Choose a new plan page:
- When users come to choose a plan, the plan page architecture is nothing but a cognitive load for the users to go through. The plans were used not designed under the comparative table but are given radio buttons which when clicked show the plan’s details. ( This has been updated after Jan 2023).
- The Active plan is mentioned multiple times in the top section of the page with a CTA ‘Keep existing plan’ as the primary button. (Why would users come to this page to keep the existing plan?)
- The CTA to go to the next step is way down at the bottom of the page creating a lot of confusion and completely designed against the psychological principles of attention.
- This page doesn’t inform the user what it offers and what the user must be doing. Upon closer look, it has two dropdown sections that include additional services like international packages, port protection( not a good feature name), and more.
- The CTA again does not sound very user-friendly and it does not give any idea as to the user what the next step is going to be.
- In this penultimate step, users are asked to choose the order date which can be done in the previous step. With all these steps, this task seems to be long and winding. And again the CTA says Add to Cart.
- And only in the final stage of the process, the user can give out a sigh of relief as it is simple to select the payment option and proceed with payment.
During the process of usability testing and primary research, I found a lot more design inconsistencies within the website but overall all the flaws can be categorized as follows
AMBIGUOUS USER FLOWS: The task flows on this website do not follow any of the mental models of its users. Thus making the user journey convoluted and confusing for the users to complete the task in time.
INCONSISTENT UX WRITING: The website does not have a well-defined tone or voice for its writing. They are neither concise nor appropriate to give a sense of familiarity to the users. There is no synchronous feel to the website’s design and copy.
NEVER TO BE FOUND DESIGN HEURISTICS: The design didn’t have most of the heuristics that product designers hold dear which makes the website an epitome of bad user experience.
There were a lot of recommendations from the participants post their usability tests which made a lot of sense and were valid.
- The steps required for changing a plan could be reduced — it could be completed in just 2 screens.
- To keep all plans simple and informative on one page rather than going through multiple pages to choose the same plan or any addons.
- Maybe having a landing page would be good as I was clicking on the T-mobile logo hoping to be taken to the homepage.
- Making it more usable.
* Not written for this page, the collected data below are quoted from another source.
(* Let $\mathfrak{Q}\subset\mathbb{R}^2$ be open, $\phi\colon S^1\times\mathfrak{Q}\to\mathbb{R}$ smooth ($S^1=\mathbb{R}/\mathbb{Z}$, $\phi_t:=\phi(t,\cdot)$), and $\mathbf{A}$ a twisted-periodic vector potential on $\mathfrak{Q}$ (see context). Then $$(\mathbf{A}^\phi)_t:=\mathbf{A}_t+\int_0^t\nabla\phi_s\,ds$$ is again a twisted-periodic vector potential on $\mathfrak{Q}$. Moreover, a smooth map $t\mapsto q(t)\in\mathfrak{Q}$ solves the $(\mathbf{A},\phi)$-equation $$\ddot q=-\bigl(\mathrm{rot}\,\mathbf{A}_t(q)\bigr)J_0\dot q-\dot{\mathbf{A}}_t(q)-\nabla\phi_t(q)$$ if and only if it solves the $(\mathbf{A}^\phi,0)$-equation $$\ddot q=-\bigl(\mathrm{rot}\,(\mathbf{A}^\phi)_t(q)\bigr)J_0\dot q-\dot{(\mathbf{A}^\phi)}_t(q).$$
   Context: A twisted-periodic vector potential on $\mathfrak{Q}$ is a smooth map $\mathbf{A}\colon\mathbb{R}\times\mathfrak{Q}\to\mathbb{R}^2$, $\mathbf{A}_t=(A^1_t,A^2_t):=\mathbf{A}(t,\cdot)$, such that for all $t$: $\dot{\mathbf{A}}_{t+1}=\dot{\mathbf{A}}_t$, $\mathrm{rot}\,\mathbf{A}_{t+1}=\mathrm{rot}\,\mathbf{A}_t$, and $\mathbf{A}_{t+1}-\mathbf{A}_t=\nabla f_t$ with $f_t=f(t,\cdot)$ for some smooth $f\colon\mathbb{R}\times\mathfrak{Q}\to\mathbb{R}$. Here the dot is $\partial_t$, $\mathrm{rot}\,\mathbf{A}_t:=\partial_{q_1}A^2_t-\partial_{q_2}A^1_t$, and $J_0=\begin{pmatrix}0&-1\\1&0\end{pmatrix}$. *)

From Stdlib Require Import Reals List.
From Coquelicot Require Import Coquelicot.
Open Scope R_scope.

(* A time-dependent scalar field on (an open subset of) R^2 is a curried
   function  g : R -> R -> R -> R,  g t x y  =  g(t,(x,y)). *)
Definition fld := R -> R -> R -> R.

Definition dt (g : fld) : fld := fun t x y => Derive (fun s => g s x y) t.
Definition dx (g : fld) : fld := fun t x y => Derive (fun s => g t s y) x.
Definition dy (g : fld) : fld := fun t x y => Derive (fun s => g t x s) y.

Definition dir (i : nat) : fld -> fld :=
  match i with 0 => dt | 1 => dx | _ => dy end.

Fixpoint dparts (l : list nat) (g : fld) : fld :=
  match l with nil => g | i :: l' => dir i (dparts l' g) end.

Definition uncurry3 (g : fld) : R * R * R -> R :=
  fun p => match p with (t, x, y) => g t x y end.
It is currently a little difficult to use.
- Reduce the number of steps.
One of the things I understood as I was conducting research for this project is that even with products that are well-known and popular, you can find gaps in the UX if you are really looking into the flows and the pain points of the users. Most of the time, we assume that it’s fine and move along but with enough sample space it becomes evident that these minor UX gaps can be a real challenge for many use cases.
During the course of this research, I got to do a lot of things for the first time, like:
- Conducting usability testing on Zoom.
- Getting to decode user behavior based on the recordings
- Creating user flows, scenarios, and tasks.
- Learning the psychology of human behavior behind the design decisions we take.